Exercise requirements: Reproduce exactly, and only, the lines below from the one containing "elim: s j =>" through the one containing "- by rewrite -(subnSK ltjs).".

Records:
= = = = = = =
(* Let $n$ and $k$ be integers with $n\ge 2$ and $2\le k\le 2^{n-1}+1$. Then $$v_2\big(s(2^n,2^n-k)\big)=\begin{cases} n-1-v_2(k) & \text{if } k \text{ is even},\\ 2n-2-v_2(k-1) & \text{if } k \text{ is odd}.\end{cases}$$
   Context: The (unsigned) Stirling numbers of the first kind $s(n,k)$ are defined by $x(x+1)\cdots(x+n-1)=\sum_{k=0}^n s(n,k)x^k$. $v_2$ denotes the $2$-adic valuation. *)

From HB Require Import structures.
From mathcomp Require Import all_boot all_order all_algebra.
Set Implicit Arguments. Unset Strict Implicit. Unset Printing Implicit Defensive.
Import GRing.Theory.
Local Open Scope ring_scope.

Definition rising_poly (n : nat) : {poly nat} := \prod_(i < n) ('X + (i : nat)%:R%:P).

Definition stirling1 (n k : nat) : nat := ((rising_poly n)`_k)%R.

(* 2-adic valuation of a natural number (meaningful for nonzero arguments). *)
Definition v2 (m : nat) : nat := logn 2 m.

From mathcomp Require Import all_boot all_order all_algebra.
From mathcomp Require Import ring zify.
Import GRing.Theory.
Set Implicit Arguments. Unset Strict Implicit. Unset Printing Implicit Defensive.

(* s(N, N - k) is the k-th elementary symmetric function e_k of 0, 1, ..., N - 1,
   and Newton's identities give k e_k = sum_(i < k) (-1)^i p_(i+1) e_(k-1-i) with
   the power sums p_e = sum_(j < N) j^e.  For N = 2^n these are 2-adically rigid:
   v2(p_e) = n - 1 when e = 1 or e is even, while 2^(2n-2) divides p_e for odd
   e >= 3 (pair j with N - j).  By strong induction on k, one term of Newton's
   sum has strictly smallest valuation: p_1 e_(k-1) when k is odd, and p_k e_0
   when k is even. *)

Local Open Scope ring_scope.

Fixpoint esym {R : nzSemiRingType} (s : seq R) (k : nat) : R :=
  match s, k with
  | [::], _ => (k == 0%N)%:R
  | _ :: _, 0%N => 1
  | a :: s', k'.+1 => esym s' k'.+1 + a * esym s' k'
  end.

Lemma esym0 (R : nzSemiRingType) (s : seq R) : esym s 0 = 1.
Proof. by case: s. Qed.

Lemma esym_gt_size (R : nzSemiRingType) (s : seq R) k :
  (size s < k)%N -> esym s k = 0.
Proof. by elim: s k => [|a s IH] [|k] //= ltsk; rewrite !IH ?mulr0 ?addr0 // ltnW. Qed.

Lemma esym_cons (R : nzSemiRingType) (a : R) s k :
  esym (a :: s) k = esym s k + (if k is k'.+1 then a * esym s k' else 0).
Proof. by case: k => [|k] /=; rewrite ?esym0 ?addr0. Qed.

Lemma rmorph_esym (R S : nzSemiRingType) (f : {rmorphism R -> S}) s k :
  f (esym s k) = esym (map f s) k.
Proof.
elim: s k => [|a s IH] [|k] /=; rewrite ?rmorph_nat ?rmorph1 //.
by rewrite rmorphD rmorphM !IH.
Qed.

Lemma coef_prod_XaddC (R : comNzSemiRingType) (s : seq R) j :
  (\prod_(a <- s) ('X + a%:P))`_j = if (j <= size s)%N then esym s (size s - j) else 0.
Proof.
elim: s j => [|a s IH] j; first by rewrite big_nil coef1; case: j.
rewrite big_cons mulrDl coefD coefXM coefCM.
case: j => [|j]; first by rewrite /= IH leq0n subn0 add0r (@esym_gt_size _ s (size s).+1) ?add0r.
rewrite /= !IH ltnS subSS; case: (ltngtP j (size s)) => [ltjs|//|->].
- by rewrite -(subnSK ltjs).
- by rewrite mulr0 addr0.
- by rewrite subnn esym0 mulr0 addr0.
Qed.

Lemma stirling1_esym N k : (k <= N)%N -> stirling1 N (N - k) = esym (iota 0 N) k.
Proof.
move=> leqkN; rewrite /stirling1 /rising_poly -(big_mkord xpredT (fun i => 'X + i%:R%:P)).
rewrite /index_iota subn0 (eq_bigr (fun a => 'X + a%:P)) => [|i _]; last by rewrite natn.
by rewrite coef_prod_XaddC size_iota leq_subr subKn.
Qed.

Definition psum (R : nzSemiRingType) (s : seq R) e := \sum_(a <- s) a ^+ e.

Lemma newton_cons_term (R : comNzRingType) (a : R) s k :
  \sum_(i < k.+1) (-1) ^+ i * a ^+ i.+1 * esym (a :: s) (k - i) = a * esym s k.
Proof.
elim: k => [|k IH]; first by rewrite big_ord1 /= expr0 mul1r expr1 esym0 mulr1.
rewrite big_ord_recl subn0 (eq_bigr (fun i : 'I_k.+1 =>
  - a * ((-1) ^+ i * a ^+ i.+1 * esym (a :: s) (k - i)))) => [|i _]; last first.
  by rewrite /= subSS !exprS; ring.
by rewrite -mulr_sumr IH /=; ring.
Qed.

Lemma newton_esym (R : comNzRingType) (s : seq R) k :
  k%:R * esym s k = \sum_(i < k) (-1) ^+ i * psum s i.+1 * esym s (k - i.+1).
Proof.
elim: s k => [|a s IH] k.
  rewrite big1 => [|i _]; last by rewrite /psum big_nil mulr0 mul0r.
  by case: k => [|k] /=; rewrite ?mulr0 ?mul0r.
case: k => [|k]; first by rewrite mul0r big_ord0.
rewrite (eq_bigr (fun i : 'I_k.+1 => (-1) ^+ i * a ^+ i.+1 * esym (a :: s) (k - i) +
   ((-1) ^+ i * psum s i.+1 * esym s (k.+1 - i.+1) +
    (-1) ^+ i * psum s i.+1 * (if (k - i)%N is j.+1 then a * esym s j else 0))));
  last by move=> i _; rewrite subSS /psum big_cons esym_cons; case: (k - i)%N => [|j]; ring.
rewrite !big_split /= newton_cons_term -IH big_ord_recr /= subnn mulr0 addr0.
rewrite (eq_bigr (fun i : 'I_k => a * ((-1) ^+ i * psum s i.+1 * esym s (k - i.+1))));
  last by move=> i _; rewrite /= -(subnSK (ltn_ord i)); ring.
by rewrite -mulr_sumr -IH /= -addn1 natrD; ring.
Qed.

Definition exact_v2 (x : int) (a : nat) := (x != 0) && (v2 `|x| == a).

Lemma dvdz_pow2 (x : int) a : x != 0 -> (2 ^+ a %| x)%Z = (a <= v2 `|x|)%N.
Proof. by move=> nz_x; rewrite dvdzE abszX pfactor_dvdn // absz_gt0. Qed.

Lemma exact_v2E x a : exact_v2 x a = (2 ^+ a %| x)%Z && ~~ (2 ^+ a.+1 %| x)%Z.
Proof.
have [->|nz_x] := eqVneq x 0; first by rewrite /exact_v2 eqxx !dvdz0.
by rewrite /exact_v2 nz_x !dvdz_pow2 // -ltnNge ltnS -eqn_leq eq_sym.
Qed.

Lemma exact_v2_dvd x a b : exact_v2 x a -> (2 ^+ b %| x)%Z = (b <= a)%N.
Proof. by case/andP=> nz_x /eqP <-; rewrite dvdz_pow2. Qed.

Lemma dvdz_pow2W (x : int) a b : (b <= a)%N -> (2 ^+ a %| x)%Z -> (2 ^+ b %| x)%Z.
Proof. by move/(dvdz_exp2l 2); apply: dvdz_trans. Qed.

Lemma exact_v2N x a : exact_v2 (- x) a = exact_v2 x a.
Proof. by rewrite /exact_v2 oppr_eq0 abszN. Qed.

Lemma exact_v2D x y a : exact_v2 x a -> (2 ^+ a.+1 %| y)%Z -> exact_v2 (x + y) a.
Proof.
rewrite !exact_v2E => /andP[dvd_x ndvd_x] dvd_y.
rewrite rpredD ?(dvdz_pow2W (leqnSn a) dvd_y) //=.
by apply: contra ndvd_x => dvd_xy; rewrite -(addrK y x) rpredB.
Qed.

Lemma exact_v2M x y a b : exact_v2 x a -> exact_v2 y b -> exact_v2 (x * y) (a + b).
Proof.
case/andP=> nz_x /eqP <-; case/andP=> nz_y /eqP <-.
by rewrite /exact_v2 mulf_neq0 //= abszM /v2 lognM ?absz_gt0.
Qed.

Lemma exact_v2_mulKl x y a b : exact_v2 (x * y) b -> exact_v2 x a -> exact_v2 y (b - a).
Proof.
case/andP=> nz_xy /eqP <-; case/andP=> nz_x /eqP <-.
have nz_y : y != 0 by apply: contraNneq nz_xy => ->; rewrite mulr0.
by rewrite /exact_v2 nz_y abszM /v2 lognM ?absz_gt0 // addKn eqxx.
Qed.

Lemma exact_v2_nat m : (0 < m)%N -> exact_v2 m%:Z (v2 m).
Proof. by rewrite /exact_v2 absz_nat eqxx andbT eqz_nat -lt0n. Qed.

Lemma exact_v2_pow2 a : exact_v2 (2 ^+ a) a.
Proof. by rewrite /exact_v2 expf_neq0 //= abszX /v2 pfactorK. Qed.

Lemma sqr_dvdz_expD (x d : int) e :
  (d ^+ 2 %| (x + d) ^+ e - x ^+ e - e%:R * d * x ^+ e.-1)%Z.
Proof.
elim: e => [|[|e] IH]; first by rewrite !expr0 !mul0r subrr.
  by rewrite !expr1 expr0 mulr1 mul1r (_ : x + d - x - d = 0) ?dvdz0 //; ring.
case/dvdzP: IH => q Dq; apply/dvdzP; exists (q * (x + d) + e.+1%:R * x ^+ e).
have Dxd : (x + d) ^+ e.+1 = q * d ^+ 2 + x ^+ e.+1 + e.+1%:R * d * x ^+ e.
  by rewrite -Dq /=; ring.
by rewrite exprS Dxd /= (mulrSr 1 e.+1) !exprS; ring.
Qed.

Definition pow_sum n e : int := \sum_(j < 2 ^ n) j%:Z ^+ e.

Lemma Posz_exp2 n : (2 ^ n)%N%:Z = 2 ^+ n.
Proof. by rewrite -natz natrX. Qed.

Lemma pow_sum0 n : pow_sum n 0 = 2 ^+ n.
Proof.
rewrite /pow_sum (eq_bigr (fun=> 1)) => [|j _]; last exact: expr0.
by rewrite sumr_const card_ord -Posz_exp2 -natz.
Qed.

Lemma pow_sumS n e : exists2 z, ((2 ^+ n) ^+ 2 %| z)%Z &
  pow_sum n.+1 e = 2 * pow_sum n e + e%:R * 2 ^+ n * pow_sum n e.-1 + z.
Proof.
exists (\sum_(j < 2 ^ n)
  ((j%:Z + 2 ^+ n) ^+ e - j%:Z ^+ e - e%:R * 2 ^+ n * j%:Z ^+ e.-1)).
  by apply: rpred_sum => j _; apply: sqr_dvdz_expD.
rewrite /pow_sum expnS mul2n -addnn big_split_ord /=.
under [X in _ + X]eq_bigr => j _ do rewrite PoszD Posz_exp2 addrC.
by rewrite !sumrB -mulr_sumr; ring.
Qed.

Lemma exact_v2_pow_sum n e : (0 < e)%N -> (e == 1%N) || ~~ odd e ->
  exact_v2 (pow_sum n.+1 e) n.
Proof.
move=> e_gt0 e_1_or_even; elim: n => [|n IH].
  rewrite /pow_sum big_ord_recr big_ord1 /= expr0n expr1n.
  by case: e e_gt0 {e_1_or_even} => // e _; rewrite add0r /exact_v2.
have [z dvd_z ->] := pow_sumS n.+1 e.
apply: exact_v2D; last by move: dvd_z; rewrite -exprM; apply: dvdz_pow2W; lia.
apply: exact_v2D.
  by rewrite -add1n -[X in X * _]expr1; apply: exact_v2M (exact_v2_pow2 1) IH.
case/orP: e_1_or_even => [/eqP -> | e_even].
  by rewrite mul1r pow_sum0 -exprD dvdz_exp2l //; lia.
have De : e%:R = (e./2)%:R * 2 :> int by rewrite -natrM muln2 even_halfK.
have -> : e%:R * 2 ^+ n.+1 * pow_sum n.+1 e.-1 =
          (e./2)%:R * pow_sum n.+1 e.-1 * 2 ^+ n.+2 by rewrite De !exprS; ring.
exact: dvdz_mull (dvdzz _).
Qed.

Lemma sum_exp_rev m e : (0 < e)%N ->
  \sum_(j < m) (m%:Z - j%:Z) ^+ e = \sum_(j < m) j%:Z ^+ e + m%:Z ^+ e.
Proof.
move=> e_gt0; elim: m => [|m IH]; first by rewrite !big_ord0 expr0n add0r gtn_eqF.
rewrite big_ord_recl big_ord_recr /= subr0.
under eq_bigr => i _ do rewrite /bump leq0n add1n !intS opprD addrACA subrr add0r.
by rewrite IH; ring.
Qed.

Lemma dvdz_pow_sum_odd n e : odd e -> (3 <= e)%N -> (2 ^+ (2 * n) %| pow_sum n.+1 e)%Z.
Proof.
case: e => [//|e] /= even_e e_ge3.
have dvd_rem : ((2 ^+ n.+1) ^+ 2 %| \sum_(j < 2 ^ n.+1)
    ((2 ^+ n.+1 - j%:Z) ^+ e.+1 + j%:Z ^+ e.+1 - e.+1%:R * 2 ^+ n.+1 * j%:Z ^+ e))%Z.
  apply: rpred_sum => j _; have := sqr_dvdz_expD (- j%:Z) (2 ^+ n.+1) e.+1.
  rewrite (addrC (- _)) (exprNn _ e.+1) (exprNn _ e) -(signr_odd _ e.+1) -(signr_odd _ e) /=.
  by rewrite (negbTE even_e) expr1 expr0 mulN1r mul1r opprK.
have := sum_exp_rev (2 ^ n.+1) (ltn0Sn e); rewrite Posz_exp2 => sum_rev.
rewrite !sumrB big_split /= sum_rev -mulr_sumr -/(pow_sum n.+1 e.+1) -/(pow_sum n.+1 e) in dvd_rem.
have P'_dvd : (2 ^+ n %| pow_sum n.+1 e)%Z.
  have e_gt0 : (0 < e)%N by lia.
  by rewrite (exact_v2_dvd _ (exact_v2_pow_sum n e_gt0 _)) // even_e orbT.
move: dvd_rem P'_dvd; set N : int := 2 ^+ n.+1.
set P := pow_sum n.+1 e.+1; set P' := pow_sum n.+1 e => dvd_rem P'_dvd.
have dvd2P : (2 ^+ (2 * n).+1 %| 2 * P)%Z.
  have -> : 2 * P = (P + N ^+ e.+1 + P - e.+1%:R * N * P') - N ^+ e.+1 + e.+1%:R * N * P'.
    by ring.
  apply: rpredD; first apply: rpredB.
  - have dvd_N2 : (2 ^+ (2 * n).+1 %| N ^+ 2)%Z by rewrite /N -exprM dvdz_exp2l //; lia.
    exact: dvdz_trans dvd_N2 dvd_rem.
  - by rewrite /N -exprM dvdz_exp2l //; nia.
  - rewrite mulrAC (_ : (2 * n).+1 = n + n.+1)%N; last by lia.
    by rewrite exprD; apply: dvdz_mul; [apply: dvdz_mull | apply: dvdzz].
by rewrite exprS dvdz_mul2l in dvd2P.
Qed.

Lemma dvdz_pow_sum n e : (0 < e)%N -> (2 ^+ n %| pow_sum n.+1 e)%Z.
Proof.
move=> e_gt0; have [/andP[e_odd e_neq1] | e_1_or_even] := boolP (odd e && (e != 1%N)).
  have e_ge3 : (3 <= e)%N by case: e e_gt0 e_odd e_neq1 => [|[|[|e]]].
  by apply: dvdz_pow2W _ (dvdz_pow_sum_odd n e_odd e_ge3); lia.
rewrite (exact_v2_dvd _ (exact_v2_pow_sum n e_gt0 _)) //.
by rewrite negb_and negbK orbC in e_1_or_even.
Qed.

Lemma v2_lt_exp2 j m : (0 < j)%N -> (j < 2 ^ m)%N -> (v2 j < m)%N.
Proof.
move=> j_gt0 lt_j; rewrite -(ltn_exp2l _ _ (ltnSn 1)).
exact: leq_ltn_trans (dvdn_leq j_gt0 (pfactor_dvdnn 2 j)) lt_j.
Qed.

Lemma v2_gt0 j : (0 < j)%N -> ~~ odd j -> (0 < v2 j)%N.
Proof. by move=> j_gt0 j_even; rewrite /v2 -pfactor_dvdn // expn1 dvdn2. Qed.

Lemma v2_odd j : odd j -> v2 j = 0%N.
Proof. by move=> j_odd; rewrite /v2 logn_coprime // coprime2n. Qed.

Lemma dvdz_sign_mul a b i (x y : int) :
  (2 ^+ a %| x)%Z -> (2 ^+ b %| y)%Z -> (2 ^+ (a + b) %| (-1) ^+ i * x * y)%Z.
Proof. by move=> dvd_x dvd_y; rewrite -mulrA exprD; apply/dvdz_mull/dvdz_mul. Qed.

Section DyadicRange.

Variable m : nat.
Hypothesis m_gt0 : (0 < m)%N.

Local Notation E := (esym (map Posz (iota 0 (2 ^ m.+1)))).

Lemma newton_dyadic k :
  k%:R * E k = \sum_(i < k) (-1) ^+ i * pow_sum m.+1 i.+1 * E (k - i.+1).
Proof.
rewrite newton_esym; apply: eq_bigr => i _; congr (_ * _ * _).
by rewrite /psum big_map /pow_sum -(big_mkord xpredT (fun j : nat => j%:Z ^+ i.+1)) /index_iota subn0.
Qed.

Lemma exact_v2_esym1 : exact_v2 (E 1) m.
Proof.
have := newton_dyadic 1; rewrite big_ord1 expr0 esym0 !mul1r mulr1 => ->.
exact: exact_v2_pow_sum.
Qed.

Lemma exact_v2_esym_odd K : ~~ odd K -> (0 < K)%N -> (v2 K <= m)%N ->
  (forall j, (0 < j < K)%N -> odd j -> (2 ^+ m %| E j)%Z) ->
  exact_v2 (E K) (m - v2 K) -> exact_v2 (E K.+1) (2 * m - v2 K).
Proof.
move=> K_even K_gt0 v2K_le dvd_odd exact_EK; have v2K_gt0 := v2_gt0 K_gt0 K_even.
have : exact_v2 (K.+1%:R * E K.+1) (m + (m - v2 K)).
  rewrite newton_dyadic big_ord_recl expr0 mul1r subSS subn0.
  apply: exact_v2D; first exact: exact_v2M (exact_v2_pow_sum _ _ _) exact_EK.
  apply: rpred_sum => i _; rewrite lift0 subSS.
  apply: (@dvdz_pow2W _ (2 * m)); first by lia.
  have [i_odd | i_even] := boolP (odd i).
    apply/dvdz_mulr/dvdz_mull/dvdz_pow_sum_odd; first by rewrite /= negbK.
    by rewrite !ltnS odd_gt0.
  have j_odd : odd (K - i.+1) by rewrite oddB ?(negbTE K_even) //= i_even.
  have j_range : (0 < K - i.+1 < K)%N by rewrite odd_gt0 //=; lia.
  rewrite mul2n -addnn; exact: dvdz_sign_mul _ (dvdz_pow_sum _ _) (dvd_odd _ j_range j_odd).
rewrite natz => /exact_v2_mulKl/(_ (exact_v2_nat (ltn0Sn K))).
have v2_K1 : v2 K.+1 = 0%N by rewrite v2_odd //= K_even.
by rewrite v2_K1 subn0 (_ : m + (m - v2 K) = 2 * m - v2 K)%N //; lia.
Qed.

Lemma exact_v2_esym_even K : odd K ->
  (forall j, (0 < j <= K)%N -> (2 ^+ (if odd j then m else 1%N) %| E j)%Z) ->
  exact_v2 (E K.+1) (m - v2 K.+1).
Proof.
move=> K_odd dvdE.
have : exact_v2 (K.+1%:R * E K.+1) m.
  rewrite newton_dyadic big_ord_recr /= subnn esym0 mulr1 -signr_odd K_odd mulN1r addrC.
  apply: exact_v2D; first by rewrite exact_v2N exact_v2_pow_sum //= negbK K_odd orbT.
  apply: rpred_sum => i _; rewrite subSS.
  have j_range : (0 < K - i <= K)%N by rewrite subn_gt0 ltn_ord leq_subr.
  have := dvdE _ j_range; rewrite oddB ?K_odd 1?ltnW // addTb.
  by case: (odd i) => dvd_Ej;
    apply: dvdz_pow2W _ (dvdz_sign_mul _ (dvdz_pow_sum _ _) dvd_Ej); rewrite /=; lia.
by rewrite natz => /exact_v2_mulKl/(_ (exact_v2_nat (ltn0Sn K))).
Qed.

Lemma exact_v2_esym_dyadic k : (2 <= k <= 2 ^ m + 1)%N ->
  exact_v2 (E k) (if ~~ odd k then (m - v2 k)%N else (2 * m - v2 (k - 1))%N).
Proof.
elim/ltn_ind: k => k IH /andP[k_ge2 k_le].
have dvdE j : (0 < j < k)%N -> (j < 2 ^ m)%N ->
    (2 ^+ (if odd j then m else 1%N) %| E j)%Z.
  case/andP=> j_gt0 j_lt_k j_lt; have v2j := v2_lt_exp2 j_gt0 j_lt.
  have [-> | j_neq1] := eqVneq j 1%N; first by rewrite (exact_v2_dvd _ exact_v2_esym1).
  have j_range : (2 <= j <= 2 ^ m + 1)%N by rewrite ltn_neqAle eq_sym j_neq1 j_gt0 /=; lia.
  rewrite (exact_v2_dvd _ (IH j j_lt_k j_range)); case: (odd j) => /=; last by lia.
  have : (v2 (j - 1) < m)%N by apply: v2_lt_exp2; lia.
  lia.
case: k IH k_ge2 k_le dvdE => [//|K] IH K_gt0 K_le dvdE.
rewrite oddS negbK subSS subn0; have [K_odd | K_even] := boolP (odd K).
  have K_lt : (K < 2 ^ m)%N.
    rewrite ltn_neqAle (_ : K <= 2 ^ m)%N ?andbT; last by lia.
    by apply: contraTneq K_odd => ->; rewrite oddX eqn0Ngt m_gt0.
  by apply: exact_v2_esym_even K_odd _ => j j_range; apply: dvdE; lia.
apply: (exact_v2_esym_odd K_even K_gt0).
- by rewrite -ltnS; apply: v2_lt_exp2 K_gt0 _; rewrite expnS; lia.
- by move=> j j_range j_odd; move: (dvdE j); rewrite j_odd; apply; lia.
- by have := IH K (ltnSn K); rewrite K_even; apply; lia.
Qed.

End DyadicRange.

Theorem corollary1p3 (n k : nat) :
  (2 <= n)%N -> (2 <= k)%N -> (k <= 2 ^ n.-1 + 1)%N ->
  v2 (stirling1 (2 ^ n) (2 ^ n - k)) =
    (if ~~ odd k then (n - 1 - v2 k)%N else (2 * n - 2 - v2 (k - 1))%N).
Proof.
case: n => [//|m] m_gt0 k_ge2 /= k_le.
have k_le_N : (k <= 2 ^ m.+1)%N by rewrite expnS; lia.
have := exact_v2_esym_dyadic m_gt0 (introT andP (conj k_ge2 k_le)).
rewrite -(rmorph_esym Posz) => /andP[_ /eqP].
rewrite absz_nat -(stirling1_esym k_le_N) => ->.
by case: ifP => _; lia.
Qed.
= = = = = = =
Exercise response:
elim: s j => [|a s IH] j; first by rewrite big_nil coef1; case: j.
rewrite big_cons mulrDl coefD coefXM coefCM.
case: j => [|j]; first by rewrite /= IH leq0n subn0 add0r (@esym_gt_size _ s (size s).+1) ?add0r.
rewrite /= !IH ltnS subSS; case: (ltngtP j (size s)) => [ltjs|//|->].
- by rewrite -(subnSK ltjs).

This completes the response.